13. Ethanol does not benefit farmers.

The ethanol industry opens a new market for corn growers, allowing them to enjoy greater profitability. Studies have shown that corn prices in areas near ethanol plants tend to be 5 to 10 cents per bushel higher than in other areas. This additional income helps cut the costs of farm programs and add vitality to rural economies. The additional profit potential for farmers created by ethanol production allows more farmers to stay in business — helping ensure adequate food supplies in the future. Ethanol production also creates jobs, many of which are in rural communities where good jobs are hard to come by. A 2005 study by LECG found the ethanol industry powered the U.S. economy by creating more than 147,000 jobs, boosting U.S. household income by $4.4 billion and reducing the U.S. trade deficit by $5.1 billion by eliminating the need to import 143.3 million barrels of oil. Those kinds of numbers help farmers and all Americans.

14. Ethanol production wastes corn that could be used to feed a hungry world.

Corn used for ethanol production is field corn typically used to feed livestock.
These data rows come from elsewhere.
Theorem mainTheorem6 (R : realType)
  (rho : {measure set (measurableTypeR R) -> \bar R}) (Theta M : set R)
  (hfam : canonical_expfam rho Theta M)
  (w1 wi muh1 b1 bi muhi : R)
  (hw1 : 0 <= w1) (hwi : 0 <= wi) (hw : 0 < w1 + wi)
  (hmu1 : M muh1) (hb1 : M b1) (hbi : M bi) (hmui : M muhi)
  (h1 : muhi <= bi) (h2 : bi < b1) (h3 : b1 <= muh1) :
  let lambda := (w1 * b1 + wi * bi) / (w1 + wi) in
  forall y : R, muhi <= y <= muh1 ->
  (w1%:E * efd rho Theta muh1 y + wi%:E * efd rho Theta muhi y >=
   w1%:E * efd rho Theta b1 lambda + wi%:E * efd rho Theta bi lambda)%E.
Proof.
move=> lambda y hy.
have M_itv : is_interval M by case: hfam => _ [_ [_ [_ [_ [_ [_ [_ ?]]]]]]].
have My : M y by apply: (M_itv muhi muh1).
have Ml : M lambda.
  apply: (M_itv bi b1) => //; apply/andP; split.
    by rewrite ler_pdivlMr //; nra.
  by rewrite ler_pdivrMr //; nra.
rewrite !(efdE hfam) // -!EFinM -!EFinD lee_fin.
exact: (bregman_weighted_lower_bound (efd_bregman_ge0 hfam) hw1 hwi hw
  hmu1 hb1 hbi hmui My Ml h1 h2 h3 hy).
Qed.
Wet mill ethanol production facilities, also known as corn refineries, also produce starch, corn sweeteners, and corn oil — all products that are used as food ingredients for human consumption. Ethanol production also results in the production of distiller’s grains and gluten feed — both of which are fed to livestock, helping produce high-quality meat products for distribution domestically and abroad. There is no shortage of corn. In 2004, U.S. farmers produced a record 11.8 billion bushel corn harvest — and some 1.3 billion bushels (about 11 percent) were used in ethanol production. Additionally, the 2005 crop was among the largest on record. 2007 will yield the largest corn crop since the 1940s. In other words, there is still room to significantly grow the ethanol market without limiting the availability of corn. Steadily increasing corn yields and the improved ability of other nations to grow corn also make it clear that ethanol production can continue to grow without affecting the food supply.


----------



## 440Mopar (Jun 9, 2011)

*Sorry you pulled the garbage card ..do you work for the oil company?*

Myth: “Higher ethanol blends can cause problems for small engines and marine engines.” 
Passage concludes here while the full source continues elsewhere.